== Segment start ==

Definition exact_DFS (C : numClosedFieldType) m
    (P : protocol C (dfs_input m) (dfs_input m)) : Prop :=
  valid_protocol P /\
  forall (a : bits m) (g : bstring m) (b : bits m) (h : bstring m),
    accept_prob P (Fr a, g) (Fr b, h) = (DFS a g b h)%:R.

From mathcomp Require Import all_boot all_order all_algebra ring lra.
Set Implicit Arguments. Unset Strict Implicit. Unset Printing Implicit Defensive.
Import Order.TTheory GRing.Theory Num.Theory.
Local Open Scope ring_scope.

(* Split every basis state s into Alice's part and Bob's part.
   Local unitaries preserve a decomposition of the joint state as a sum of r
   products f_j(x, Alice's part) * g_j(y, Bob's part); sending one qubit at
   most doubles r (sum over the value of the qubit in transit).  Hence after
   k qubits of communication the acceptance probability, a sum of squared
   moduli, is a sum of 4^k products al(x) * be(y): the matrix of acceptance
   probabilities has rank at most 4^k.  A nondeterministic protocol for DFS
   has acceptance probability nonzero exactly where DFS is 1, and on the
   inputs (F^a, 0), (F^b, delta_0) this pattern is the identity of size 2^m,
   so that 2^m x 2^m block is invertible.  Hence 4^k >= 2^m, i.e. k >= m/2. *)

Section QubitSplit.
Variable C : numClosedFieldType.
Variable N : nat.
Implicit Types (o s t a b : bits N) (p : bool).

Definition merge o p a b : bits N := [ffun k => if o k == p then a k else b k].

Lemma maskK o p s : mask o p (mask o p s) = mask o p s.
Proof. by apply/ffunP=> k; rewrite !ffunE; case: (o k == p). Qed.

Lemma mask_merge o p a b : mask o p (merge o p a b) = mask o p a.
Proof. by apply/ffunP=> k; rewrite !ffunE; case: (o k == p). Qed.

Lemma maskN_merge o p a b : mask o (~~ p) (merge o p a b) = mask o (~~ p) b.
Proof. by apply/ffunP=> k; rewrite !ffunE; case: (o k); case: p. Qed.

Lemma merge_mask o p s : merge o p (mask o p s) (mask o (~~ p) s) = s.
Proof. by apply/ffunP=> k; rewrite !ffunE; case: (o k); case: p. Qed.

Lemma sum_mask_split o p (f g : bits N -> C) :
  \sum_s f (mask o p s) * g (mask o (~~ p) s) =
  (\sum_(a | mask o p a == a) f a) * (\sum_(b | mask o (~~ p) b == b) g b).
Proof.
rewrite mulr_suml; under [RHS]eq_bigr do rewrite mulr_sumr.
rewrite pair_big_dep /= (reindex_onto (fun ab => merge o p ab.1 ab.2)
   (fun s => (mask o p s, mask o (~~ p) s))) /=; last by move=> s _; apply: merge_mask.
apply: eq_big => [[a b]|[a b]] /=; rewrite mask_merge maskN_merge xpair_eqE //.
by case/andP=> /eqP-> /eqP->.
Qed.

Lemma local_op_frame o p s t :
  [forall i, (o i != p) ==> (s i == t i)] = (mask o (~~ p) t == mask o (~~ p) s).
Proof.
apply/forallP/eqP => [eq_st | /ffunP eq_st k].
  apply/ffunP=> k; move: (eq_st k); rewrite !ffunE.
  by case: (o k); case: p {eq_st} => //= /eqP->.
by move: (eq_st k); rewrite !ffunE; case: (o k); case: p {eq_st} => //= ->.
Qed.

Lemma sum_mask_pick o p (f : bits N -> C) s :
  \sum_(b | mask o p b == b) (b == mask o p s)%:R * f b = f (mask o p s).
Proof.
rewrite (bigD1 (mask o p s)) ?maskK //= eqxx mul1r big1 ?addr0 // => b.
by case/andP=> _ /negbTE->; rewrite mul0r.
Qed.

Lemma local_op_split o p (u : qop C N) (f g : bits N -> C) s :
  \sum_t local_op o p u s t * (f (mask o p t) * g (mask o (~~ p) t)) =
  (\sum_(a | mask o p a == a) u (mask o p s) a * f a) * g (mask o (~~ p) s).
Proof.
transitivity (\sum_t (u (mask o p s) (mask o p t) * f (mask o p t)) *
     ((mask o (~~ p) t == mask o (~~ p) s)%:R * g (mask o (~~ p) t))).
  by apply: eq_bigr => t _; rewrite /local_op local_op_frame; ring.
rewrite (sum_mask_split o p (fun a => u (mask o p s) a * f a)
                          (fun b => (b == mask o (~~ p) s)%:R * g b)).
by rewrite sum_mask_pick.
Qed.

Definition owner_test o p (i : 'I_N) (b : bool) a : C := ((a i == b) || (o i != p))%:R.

== Segment end ==

**YOUR INSTRUCTIONS**
Would you please transcribe the records above in full and exactly?

**WRITTEN SOLUTION**
Definition exact_DFS (C : numClosedFieldType) m
    (P : protocol C (dfs_input m) (dfs_input m)) : Prop :=
  valid_protocol P /\
  forall (a : bits m) (g : bstring m) (b : bits m) (h : bstring m),
    accept_prob P (Fr a, g) (Fr b, h) = (DFS a g b h)%:R.

From mathcomp Require Import all_boot all_order all_algebra ring lra.
Set Implicit Arguments. Unset Strict Implicit. Unset Printing Implicit Defensive.
Import Order.TTheory GRing.Theory Num.Theory.
Local Open Scope ring_scope.

(* Split every basis state s into Alice's part and Bob's part.
   Local unitaries preserve a decomposition of the joint state as a sum of r
   products f_j(x, Alice's part) * g_j(y, Bob's part); sending one qubit at
   most doubles r (sum over the value of the qubit in transit).  Hence after
   k qubits of communication the acceptance probability, a sum of squared
   moduli, is a sum of 4^k products al(x) * be(y): the matrix of acceptance
   probabilities has rank at most 4^k.  A nondeterministic protocol for DFS
   has acceptance probability nonzero exactly where DFS is 1, and on the
   inputs (F^a, 0), (F^b, delta_0) this pattern is the identity of size 2^m,
   so that 2^m x 2^m block is invertible.  Hence 4^k >= 2^m, i.e. k >= m/2. *)

Section QubitSplit.
Variable C : numClosedFieldType.
Variable N : nat.
Implicit Types (o s t a b : bits N) (p : bool).

Definition merge o p a b : bits N := [ffun k => if o k == p then a k else b k].

Lemma maskK o p s : mask o p (mask o p s) = mask o p s.
Proof. by apply/ffunP=> k; rewrite !ffunE; case: (o k == p). Qed.

Lemma mask_merge o p a b : mask o p (merge o p a b) = mask o p a.
Proof. by apply/ffunP=> k; rewrite !ffunE; case: (o k == p). Qed.

Lemma maskN_merge o p a b : mask o (~~ p) (merge o p a b) = mask o (~~ p) b.
Proof. by apply/ffunP=> k; rewrite !ffunE; case: (o k); case: p. Qed.

Lemma merge_mask o p s : merge o p (mask o p s) (mask o (~~ p) s) = s.
Proof. by apply/ffunP=> k; rewrite !ffunE; case: (o k); case: p. Qed.

Lemma sum_mask_split o p (f g : bits N -> C) :
  \sum_s f (mask o p s) * g (mask o (~~ p) s) =
  (\sum_(a | mask o p a == a) f a) * (\sum_(b | mask o (~~ p) b == b) g b).
Proof.
rewrite mulr_suml; under [RHS]eq_bigr do rewrite mulr_sumr.
rewrite pair_big_dep /= (reindex_onto (fun ab => merge o p ab.1 ab.2)
   (fun s => (mask o p s, mask o (~~ p) s))) /=; last by move=> s _; apply: merge_mask.
apply: eq_big => [[a b]|[a b]] /=; rewrite mask_merge maskN_merge xpair_eqE //.
by case/andP=> /eqP-> /eqP->.
Qed.

Lemma local_op_frame o p s t :
  [forall i, (o i != p) ==> (s i == t i)] = (mask o (~~ p) t == mask o (~~ p) s).
Proof.
apply/forallP/eqP => [eq_st | /ffunP eq_st k].
  apply/ffunP=> k; move: (eq_st k); rewrite !ffunE.
  by case: (o k); case: p {eq_st} => //= /eqP->.
by move: (eq_st k); rewrite !ffunE; case: (o k); case: p {eq_st} => //= ->.
Qed.

Lemma sum_mask_pick o p (f : bits N -> C) s :
  \sum_(b | mask o p b == b) (b == mask o p s)%:R * f b = f (mask o p s).
Proof.
rewrite (bigD1 (mask o p s)) ?maskK //= eqxx mul1r big1 ?addr0 // => b.
by case/andP=> _ /negbTE->; rewrite mul0r.
Qed.

Lemma local_op_split o p (u : qop C N) (f g : bits N -> C) s :
  \sum_t local_op o p u s t * (f (mask o p t) * g (mask o (~~ p) t)) =
  (\sum_(a | mask o p a == a) u (mask o p s) a * f a) * g (mask o (~~ p) s).
Proof.
transitivity (\sum_t (u (mask o p s) (mask o p t) * f (mask o p t)) *
     ((mask o (~~ p) t == mask o (~~ p) s)%:R * g (mask o (~~ p) t))).
  by apply: eq_bigr => t _; rewrite /local_op local_op_frame; ring.
rewrite (sum_mask_split o p (fun a => u (mask o p s) a * f a)
                          (fun b => (b == mask o (~~ p) s)%:R * g b)).
by rewrite sum_mask_pick.
Qed.

Definition owner_test o p (i : 'I_N) (b : bool) a : C := ((a i == b) || (o i != p))%:R.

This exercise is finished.